17 Kasım 2009 Salı

Fen ve Teknoloji:Hücre

0

HÜCRE NEDİR?

Hücre: Canlının tüm yaşam özelliklerini taşıyan ve uygun koşullarda yaşamını tek başına sürdürme yeteneğine sahip temel yapı ve işlem birimidir. Hücre, çok hücreli canlılardaki en küçük yaşam birimidir.

Hücreler yapılarını oluşturan, zar-enzimler ve organelleri sayesinde canlılıklarını sürdürürler.

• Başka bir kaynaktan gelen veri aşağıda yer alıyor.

Lemma friendship_edges_uniq : uniq friendship_edges.
Proof.
(* The keys of the three kinds of edges are 3, 1 and 2 modulo 4. *)
pose key (S : {set V}) := ((\sum_(v in S) val v).*2 + (ord0 \in S))%N.
have key_iota (E : nat -> {set V}) (f : nat -> nat) :
    (forall i, i < n -> key (E i) = f i) -> [seq key (E i) | i <- iota 0 n] = map f (iota 0 n).
  by move=> keyE; apply/eq_in_map => i; rewrite mem_iota => /andP[_ /keyE].
apply: (@map_uniq _ _ key); rewrite !map_cat -!map_comp.
rewrite (key_iota _ (fun i => 4 * i + 3)) => [|i lt_in]; last first.
  by have [? ? ?] := tips_neq lt_in; rewrite /key big_set2 // setU11 /= val_tip1 //; lia.
rewrite (key_iota _ (fun i => 4 * i + 5)) => [|i lt_in]; last first.
  by have [? ? ?] := tips_neq lt_in; rewrite /key big_set2 // setU11 /= val_tip2 //; lia.
rewrite (key_iota _ (fun i => 8 * i + 6)) => [|i lt_in]; last first.
  have [ne01 ne02 ne12] := tips_neq lt_in.
  by rewrite /key big_set2 // !inE (negbTE ne01) (negbTE ne02) /= val_tip1 // val_tip2 //; lia.
rewrite !cat_uniq has_cat !map_inj_uniq ?iota_uniq /= => [|i j|i j|i j]; try lia.
rewrite negb_or andbT -andbA; apply/and3P.
by split; apply/hasPn => _ /mapP[j _ ->]; apply/mapP => -[i _]; lia.
Qed.

Lemma tip1_of_val (v : V) i : v = i.*2.+1 :> nat -> v = tip1 i.
Proof. by move=> vE; apply: val_inj; rewrite /= vE val_tip1 //; have := ltn_ord v; lia. Qed.

Lemma tip2_of_val (v : V) i : v = i.*2.+2 :> nat -> v = tip2 i.
Proof. by move=> vE; apply: val_inj; rewrite /= vE val_tip2 //; have := ltn_ord v; lia. Qed.

Lemma friendship_edge_mem (x y : V) :
  x < y -> friendship x y -> [set x; y] \in friendship_edges.
Proof.
move=> lt_xy /andP[_ adj].
have [i y_blade] : exists i, (y : nat).-1./2 = i by exists (y : nat).-1./2.
have lt_in : i < n by have := ltn_ord y; lia.
have i_mem : i \in iota 0 n by rewrite mem_iota.
rewrite !mem_cat; apply/or3P; have [x0 | x_ne0] := eqVneq (x : nat) 0.
- have -> : x = ord0 by apply: val_inj.
  have [odd_y | even_y] := boolP (odd y).
  + have -> : y = tip1 i by apply: tip1_of_val; lia.
    by apply: Or31; apply: map_f.
  + have -> : y = tip2 i by apply: tip2_of_val; lia.
    by apply: Or32; apply: map_f.
- move: adj; rewrite (negbTE x_ne0) /= => /orP[/eqP y0 | /eqP same_blade]; first lia.
  have -> : x = tip1 i by apply: tip1_of_val; lia.
  have -> : y = tip2 i by apply: tip2_of_val; lia.
  by apply: Or33; apply: map_f.
Qed.

Lemma mem_friendship_edges : edges (@friendship n) =i friendship_edges.
Proof.
move=> S; apply/idP/idP.
- case/imset2P => x y _ /[!inE] /and3P[_ _ adj] ->.
  case: (ltngtP x y) => [lt_xy | lt_yx | /val_inj eq_xy].
  + exact: friendship_edge_mem.
  + by rewrite setUC; apply: friendship_edge_mem; rewrite // friendship_sym.
  + by move: adj; rewrite /friendship eq_xy eqxx.
- rewrite !mem_cat => /or3P[] /mapP[i]; rewrite mem_iota => /andP[_ lt_in] ->;
    have [ne01 ne02 ne12] := tips_neq lt_in; apply: mem_edges => //;
    rewrite /friendship ?ne01 ?ne02 ?ne12 //=.
  by rewrite val_tip1 // val_tip2 //; apply/eqP; lia.
Qed.

Variable A : finZmodType.

Definition tip_pairs (l : V -> A) : seq (A * A) :=
  [seq (l (tip1 i), l (tip2 i)) | i <- iota 0 n].

Lemma card_vertex_label (l : V -> A) a :
  #|[set v | l v == a]| = count_mem a (l ord0 :: tip_labels (tip_pairs l)).
Proof.
rewrite (@card_eq_count _ _ (enum V) (fun v => l v == a)) ?enum_uniq // => [|v]; last first.
  by rewrite !inE mem_enum.
by rewrite enum_friendship /= count_flatten_pairs /tip_labels /unzip1 /unzip2 count_cat
  -!map_comp !count_map.
Qed.

Lemma map_edge_sums (l : V -> A) :
  [seq (\sum_(v in E) l v)%R | E : {set V} <- friendship_edges] =
  edge_labels (l ord0) (tip_pairs l).
Proof.
rewrite /friendship_edges /edge_labels !map_cat -!map_comp.
by congr (_ ++ _ ++ _); apply/eq_in_map => i; rewrite mem_iota => /andP[_ lt_in];
  have [ne01 ne02 ne12] := tips_neq lt_in; rewrite /= big_set2.
Qed.

Lemma card_edge_label (l : V -> A) a :
  #|[set S in edges (@friendship n) | (\sum_(v in S) l v)%R == a]| =
  count_mem a (edge_labels (l ord0) (tip_pairs l)).
Proof.
rewrite -map_edge_sums count_map; apply: card_eq_count friendship_edges_uniq _ => S.
by rewrite !inE mem_friendship_edges.
Qed.

(* Vertices 2i+1 and 2i+2 get the two components of the i-th pair of p. *)
Definition pairs_labeling (c : A) (p : seq (A * A)) (v : V) : A :=
  if v : nat is k.+1 then (if odd k then snd else fst) (nth (c, c) p k./2) else c.

Lemma tip_pairs_labeling c p : size p = n -> tip_pairs (pairs_labeling c p) = p.
Proof.
move=> size_p; rewrite -[RHS](mkseq_nth (c, c)) size_p.
apply/eq_in_map => i; rewrite mem_iota => /andP[_ lt_in].
rewrite /pairs_labeling val_tip1 // val_tip2 //= odd_double uphalf_double doubleK.
by case: nth.
Qed.
(* Let $I$ be a compact interval, $k\ge 2$ an integer, $u\in(0,1]$ and $\tau\in(0,1)$. If $\tau(1+\tau)^{k-2}\ge u$, then $\mathrm{Diff}_+^{1,\tau}(I)$ does not contain a $(k,u)$-nesting.
   Context: $\mathrm{Diff}_+^{1,\tau}(I)$ is the group of orientation-preserving $C^1$-diffeomorphisms of $I$ whose derivative is $\tau$-Hölder continuous. For an integer $k\ge2$ and $u\in(0,1]$, a finite set $S\subseteq\mathrm{Homeo}_+(I)$ is a $(k,u)$-nesting if there exist nonempty open intervals $J_1\supsetneq J_2\supsetneq\cdots\supsetneq J_k$ and an infinite sequence $(s_1,s_2,\ldots)$ of elements of $S$ such that, with $w_n=s_ns_{n-1}\cdots s_1$ for $n\ge0$ ($w_0$ the identity): (i) $\sum_{n\ge0}|w_nJ_1|^u<\infty$, where $|\cdot|$ is length; (ii) for each $i=2,\ldots,k$ and each $n\ge0$ there is $s\in S$ (possibly depending on $i,n$) with $sw_nJ_i\cap w_nJ_i=\varnothing$ and $sw_nJ_{i-1}=w_nJ_{i-1}$. *)

From Stdlib Require Import Reals List.
From Coquelicot Require Import Coquelicot.
Open Scope R_scope.

Definition inI (a b x : R) : Prop := a <= x <= b.

(* Orientation-preserving homeomorphism of I (values outside I are irrelevant). *)
Definition HomeoPlus (a b : R) (f : R -> R) : Prop :=
  (forall x, inI a b x -> inI a b (f x)) /\
  (forall y, inI a b y -> exists x, inI a b x /\ f x = y) /\
  (forall x y, inI a b x -> inI a b y -> x < y -> f x < f y) /\
  (forall x, inI a b x -> forall eps, 0 < eps -> exists delta, 0 < delta /\
     forall y, inI a b y -> Rabs (y - x) < delta -> Rabs (f y - f x) < eps).

Definition derivI (a b : R) (f : R -> R) (x l : R) : Prop :=
  forall eps, 0 < eps -> exists delta, 0 < delta /\
    forall y, inI a b y -> y <> x -> Rabs (y - x) < delta ->
      Rabs ((f y - f x) / (y - x) - l) < eps.

(* The derivative is positive on I
   (so the inverse is C^1 as well); continuity of f' follows from Hoelder. *)
Definition Diff1tau (a b tau : R) (f : R -> R) : Prop :=
  HomeoPlus a b f /\
  exists f' : R -> R,
    (forall x, inI a b x -> derivI a b f x (f' x)) /\
    (forall x, inI a b x -> 0 < f' x) /\
    (exists C, 0 <= C /\ forall x y, inI a b x -> inI a b y -> x <> y ->
        Rabs (f' x - f' y) <= C * Rpower (Rabs (x - y)) tau).

Definition openI (c d : R) : R -> Prop := fun x => c < x < d.

Definition img (f : R -> R) (A : R -> Prop) : R -> Prop :=
  fun y => exists x, A x /\ f x = y.

Definition set_eq (A B : R -> Prop) : Prop := forall x, A x <-> B x.
Definition disjoint (A B : R -> Prop) : Prop := forall x, ~ (A x /\ B x).
Definition strict_sup (A B : R -> Prop) : Prop :=
  (forall x, B x -> A x) /\ exists x, A x /\ ~ B x.

Fixpoint word (s : nat -> R -> R) (n : nat) : R -> R :=
  match n with
  | O => fun x => x
  | S m => fun x => s (S m) (word s m x)
  end.

(* Since w_n is an increasing homeomorphism of I,
   w_n J_1 is the interval (w_n (c 1), w_n (d 1)), of length
   w_n (d 1) - w_n (c 1). *)
Definition nesting (a b : R) (k : nat) (u : R) (S : list (R -> R)) : Prop :=
  (forall f, In f S -> HomeoPlus a b f) /\
  exists (c d : nat -> R) (s : nat -> R -> R),
    (forall i, (1 <= i <= k)%nat -> a <= c i /\ c i < d i /\ d i <= b) /\
    (forall i, (2 <= i <= k)%nat ->
        strict_sup (openI (c (i - 1)%nat) (d (i - 1)%nat)) (openI (c i) (d i))) /\
    (forall n, (1 <= n)%nat -> In (s n) S) /\
    ex_series (fun n => Rpower (word s n (d 1%nat) - word s n (c 1%nat)) u) /\
    (forall i n, (2 <= i <= k)%nat ->
       exists t, In t S /\
         disjoint (img t (img (word s n) (openI (c i) (d i))))
                  (img (word s n) (openI (c i) (d i))) /\
         set_eq (img t (img (word s n) (openI (c (i - 1)%nat) (d (i - 1)%nat))))
                (img (word s n) (openI (c (i - 1)%nat) (d (i - 1)%nat)))).

From Stdlib Require Import Reals List Lra Lia.
From Coquelicot Require Import Coquelicot.
Open Scope R_scope.

(* Let m > 0 and C bound from below the derivatives and from above the tau-Hoelder
   constants of the finitely many generators, and let l_i(n) = |w_n J_i|.  The map
   that preserves w_n J_(i-1) fixes its endpoints, so its derivative equals 1
   somewhere there; by the mean value theorem it moves points of w_n J_(i-1) by at
   most C l_(i-1)^(1+tau), and since it displaces w_n J_i off itself,
   l_i <= 2 C l_(i-1)^(1+tau).  Iterating, l_(k-1)^tau <= K l_1^(tau (1+tau)^(k-2)),
   which is dominated by l_1^u and hence summable.  The same Hoelder bound controls
   distortion: passing from w_n to w_(n+1) multiplies the ratio l_k / l_(k-1) by at
   least exp (- (C/m) l_(k-1)^tau), so the ratio stays bounded away from 0, whereas
   it is at most 2 C l_(k-1)^tau, which tends to 0. *)

Definition clamp (a b x : R) : R := Rmax a (Rmin b x).

Lemma clamp_inI a b x : a <= b -> inI a b (clamp a b x).
Proof.
  intros Hab; unfold inI, clamp; split.
  - apply Rmax_l.
  - apply Rmax_lub; [lra | apply Rmin_l].
Qed.

Lemma clamp_id a b x : inI a b x -> clamp a b x = x.
Proof.
  unfold inI, clamp; intros [Hax Hxb].
  rewrite Rmin_right, Rmax_right; lra.
Qed.

Lemma clamp_dist_le a b x y : a <= b -> Rabs (clamp a b y - clamp a b x) <= Rabs (y - x).
Proof.
  intros Hab; unfold clamp, Rmax, Rmin.
  repeat destruct Rle_dec; unfold Rabs; repeat destruct Rcase_abs; lra.
Qed.

(* Extending f by constants outside I turns one-sided derivatives at the endpoints
   into plain continuity, which is all [MVT_gen] needs there. *)
Lemma mvt_derivI a b f f' x y :
  HomeoPlus a b f -> (forall z, inI a b z -> derivI a b f z (f' z)) ->
  a <= x -> x < y -> y <= b ->
  exists xi, x <= xi <= y /\ f y - f x = f' xi * (y - x).
Proof.
  intros [_ [_ [_ Hcont]]] Hder Hax Hxy Hyb.
  set (F := fun z => f (clamp a b z)).
  assert (HxyI : forall z, x <= z <= y -> inI a b z) by (unfold inI; intros; lra).
  destruct (MVT_gen F x y f') as [xi [Hxi Heq]];
    rewrite Rmin_left, Rmax_right in * by lra.
  - intros z Hz. apply is_derive_Reals. intros eps Heps.
    destruct (Hder z (HxyI z ltac:(lra)) eps Heps) as [del [Hdel Hq]].
    assert (Hr : 0 < Rmin del (Rmin (z - a) (b - z))) by (repeat apply Rmin_pos; lra).
    exists (mkposreal _ Hr); simpl; intros h Hh0 Hh.
    assert (Hr1 := Rmin_l del (Rmin (z - a) (b - z))).
    assert (Hr2 := Rmin_r del (Rmin (z - a) (b - z))).
    assert (Hr3 := Rmin_l (z - a) (b - z)).
    assert (Hr4 := Rmin_r (z - a) (b - z)).
    assert (Hh1 := Rabs_maj2 h); assert (Hh2 := Rle_abs h).
    unfold F; rewrite !clamp_id by (unfold inI; lra).
    replace h with ((z + h) - z) at 2 by ring.
    apply Hq; [unfold inI; lra | lra |].
    replace (z + h - z) with h by ring; lra.
  - intros z _. unfold continuity_pt, continue_in, limit1_in, limit_in; simpl.
    unfold R_dist; intros eps Heps.
    destruct (Hcont (clamp a b z) (clamp_inI a b z ltac:(lra)) eps Heps) as [del [Hdel Hq]].
    exists del; split; [lra |]; intros w [_ Hw].
    apply Hq; [apply clamp_inI; lra |].
    eapply Rle_lt_trans; [apply clamp_dist_le; lra | exact Hw].
  - exists xi; split; [exact Hxi |].
    unfold F in Heq; rewrite !clamp_id in Heq by (apply HxyI; lra).
    exact Heq.
Qed.

Definition incr_bij (a b : R) (f : R -> R) : Prop :=
  (forall x, inI a b x -> inI a b (f x)) /\
  (forall y, inI a b y -> exists x, inI a b x /\ f x = y) /\
  (forall x y, inI a b x -> inI a b y -> x < y -> f x < f y).

Lemma HomeoPlus_incr_bij a b f : HomeoPlus a b f -> incr_bij a b f.
Proof. intros [Hmap [Hsurj [Hincr _]]]; exact (conj Hmap (conj Hsurj Hincr)). Qed.

Lemma word_incr_bij a b s :
  (forall n, (1 <= n)%nat -> incr_bij a b (s n)) -> forall n, incr_bij a b (word s n).
Proof.
  intros Hs n; induction n as [|n [Wmap [Wsurj Wincr]]].
  - split; [|split]; simpl; auto. intros y Hy; exists y; auto.
  - destruct (Hs (S n) ltac:(lia)) as [Smap [Ssurj Sincr]]; simpl.
    split; [|split]; auto.
    intros y Hy; destruct (Ssurj y Hy) as [z [Hz <-]].
    destruct (Wsurj z Hz) as [x [Hx <-]]; eauto.
Qed.

Lemma incr_bij_le a b f x y :
  incr_bij a b f -> inI a b x -> inI a b y -> x <= y -> f x <= f y.
Proof.
  intros [_ [_ Hincr]] Hx Hy [Hlt | ->]; [left; auto | lra].
Qed.

Lemma incr_bij_lt_inv a b f x y :
  incr_bij a b f -> inI a b x -> inI a b y -> f x < f y -> x < y.
Proof.
  intros Hf Hx Hy Hlt; destruct (Rlt_or_le x y) as [|Hyx]; auto.
  assert (f y <= f x) by (apply (incr_bij_le a b); auto); lra.
Qed.

Lemma img_openI a b f c d :
  incr_bij a b f -> inI a b c -> inI a b d ->
  set_eq (img f (openI c d)) (openI (f c) (f d)).
Proof.
  intros Hf Hc Hd y; unfold img, openI; split.
  - intros [x [Hx <-]]; destruct Hf as [_ [_ Hincr]].
    unfold inI in *; split; apply Hincr; unfold inI; lra.
  - intros Hy; pose proof Hf as [Hmap [Hsurj _]].
    assert (HyI : inI a b y)
      by (pose proof (Hmap c Hc); pose proof (Hmap d Hd); unfold inI in *; lra).
    destruct (Hsurj y HyI) as [x [Hx <-]].
    exists x; split; [split | reflexivity].
    + apply (incr_bij_lt_inv a b f); auto; lra.
    + apply (incr_bij_lt_inv a b f); auto; lra.
Qed.

Lemma img_img_openI a b f g c d :
  incr_bij a b f -> incr_bij a b g -> inI a b c -> inI a b d ->
  set_eq (img g (img f (openI c d))) (openI (g (f c)) (g (f d))).
Proof.
  intros Hf Hg Hc Hd y.
  pose proof Hf as [Hmap _].
  rewrite <- (img_openI a b g (f c) (f d) Hg (Hmap c Hc) (Hmap d Hd) y).
  split; intros [x [Hx <-]]; exists x; split; auto; apply (img_openI a b f c d); auto.
Qed.

Lemma openI_incl_le c d c' d' :
  c' < d' -> (forall x, openI c' d' x -> openI c d x) -> c <= c' /\ d' <= d.
Proof.
  unfold openI; intros Hcd' Hincl; split.
  - destruct (Rle_or_lt c c') as [|Hlt]; auto.
    set (x := (c' + Rmin c d') / 2).
    assert (Hm1 := Rmin_l c d'); assert (Hm2 := Rmin_r c d').
    assert (Hm3 : c' < Rmin c d') by (apply Rmin_glb_lt; lra).
    assert (Hx := Hincl x ltac:(unfold x; lra)); unfold x in Hx; lra.
  - destruct (Rle_or_lt d' d) as [|Hlt]; auto.
    set (x := (d' + Rmax d c') / 2).
    assert (Hm1 := Rmax_l d c'); assert (Hm2 := Rmax_r d c').
    assert (Hm3 : Rmax d c' < d') by (apply Rmax_lub_lt; lra).
    assert (Hx := Hincl x ltac:(unfold x; lra)); unfold x in Hx; lra.
Qed.

Lemma openI_set_eq_endpoints c d c' d' :
  c < d -> c' < d' -> set_eq (openI c d) (openI c' d') -> c = c' /\ d = d'.
Proof.
  intros Hcd Hcd' Heq.
  destruct (openI_incl_le c d c' d' Hcd' (fun x => proj2 (Heq x))).
  destruct (openI_incl_le c' d' c d Hcd (fun x => proj1 (Heq x))).
  split; lra.
Qed.

Definition holder_on (a b tau C : R) (g : R -> R) : Prop :=
  forall x y, inI a b x -> inI a b y -> x <> y ->
    Rabs (g x - g y) <= C * Rpower (Rabs (x - y)) tau.

Definition DiffBounds (a b tau m C : R) (f : R -> R) : Prop :=
  HomeoPlus a b f /\ exists f' : R -> R,
    (forall x, inI a b x -> derivI a b f x (f' x)) /\
    (forall x, inI a b x -> m <= f' x) /\
    holder_on a b tau C f'.
Lemma ramsey_bound_exists m p (w : 'I_p -> nat) :
  0 < p -> \sum_i w i <= m -> exists N, ramsey_bound w N.
Proof.
elim: m p w => [|m IH] p w p_gt0 sum_w.
  exists 0; apply: (@ramsey_bound0 _ _ (Ordinal p_gt0)); apply/eqP.
  by rewrite -leqn0 (leq_trans _ sum_w) // (bigD1 (Ordinal p_gt0)) //= leq_addr.
have [i /eqP wi0 | w_nz] := pickP (fun i => w i == 0).
  by exists 0; exact: ramsey_bound0 wi0.
have w_gt0 i : 0 < w i by rewrite lt0n (negbT (w_nz i)).
pose dec i j := if j == i then (w j).-1 else w j.
have [N bound_N] : exists N : 'I_p -> nat, forall i, ramsey_bound (dec i) (N i).
  apply: (@fin_all_exists _ (fun=> nat) (fun i => ramsey_bound (dec i))) => i.
  by apply: IH => //; rewrite -ltnS /dec sum_pred_at.
exists (\sum_i N i).+1 => n c A le_NA.
have [x0 x0A] : exists x, x \in A.
  by apply/set0Pn; rewrite -card_gt0 (leq_trans _ le_NA).
(* [x] is the least vertex of [A]: the edges from [x] into [A] have colour [c x y]. *)
have [x xA x_min] := arg_minnP (fun y : 'I_n => val y) x0A.
have {}xA : x \in A := xA.
pose B i := [set y in A :\ x | c x y == i].
have [i le_NB] : exists i, N i <= #|B i|.
  apply: leq_sum_exists => //; rewrite -card_fibres.
  by move: le_NA; rewrite (cardsD1 x A) xA add1n ltnS.
have [j [S [SB [cardS monoS]]]] := bound_N i n c (B i) le_NB.
have SA : S \subset A :\ x.
  by apply: subset_trans SB _; apply/subsetP => y; rewrite inE => /andP[].
case: (eqVneq j i) cardS monoS => [-> | ji] cardS monoS; last first.
  by exists j, S; rewrite (subset_trans SA (subD1set A x)) cardS /dec (negbTE ji).
exists i, (x |: S); split; last split.
- by rewrite subUset sub1set xA (subset_trans SA (subD1set A x)).
- have xS : x \notin S by apply/negP => /(subsetP SA); rewrite !inE eqxx.
  by rewrite cardsU1 xS cardS /dec eqxx add1n prednK ?w_gt0.
- apply: monochromatic_setU1 => // y yS; move/subsetP: SB => /(_ y yS).
  rewrite !inE => /andP[/andP[ny_x yA] /eqP cxy]; split=> //.
  by rewrite ltn_neqAle val_eqE eq_sym ny_x (x_min y yA).
Qed.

Hücrelerde organellerden bazıları olmayabilir. Ancak canlılığın olabilmesi için mutlaka yarı geçirgen zarın ve enzim sistemlerinin olması gerekir.

HÜCRELERİN ORTAK YAPISI VE GENEL FONKSİYONEL ORGANİZASYONU

Vücudumuz çok çeşitli hücrelerden ve hücreler arasındaki ortamı dolduran, organik ve anorganik maddelerden kurulmuştur. Çeşitli doku ve organların kendi özel hücre cinslerini ve bunlarla ilgili özel fonksiyonları ele almadan önce, bütün hücreler için ortak olan esas hücre yapısını ve hücresel fonksiyonun genel karakterini belirtmek gerektir. Bu sebeple evvela hücre nedir, nasıl yapılmıştır ve nasıl çalışır bunu kısaca ve genel çizgileriyle gözden geçirelim.

PROTOPLAZMA

Canlı ile cansız arasındaki farkları düşünerek, canlı organizmaların vücut maddesini, anorganik doğanın cansız olarak kabul edilen maddelerinden ayırdetmek isteyen araştırıcılar, canlı madde özelliklerinin protoplazma’da toplandığını, protoplazmanın genel olarak canlı madde diye kabul edilebileceğini öne sürmüşlerdir.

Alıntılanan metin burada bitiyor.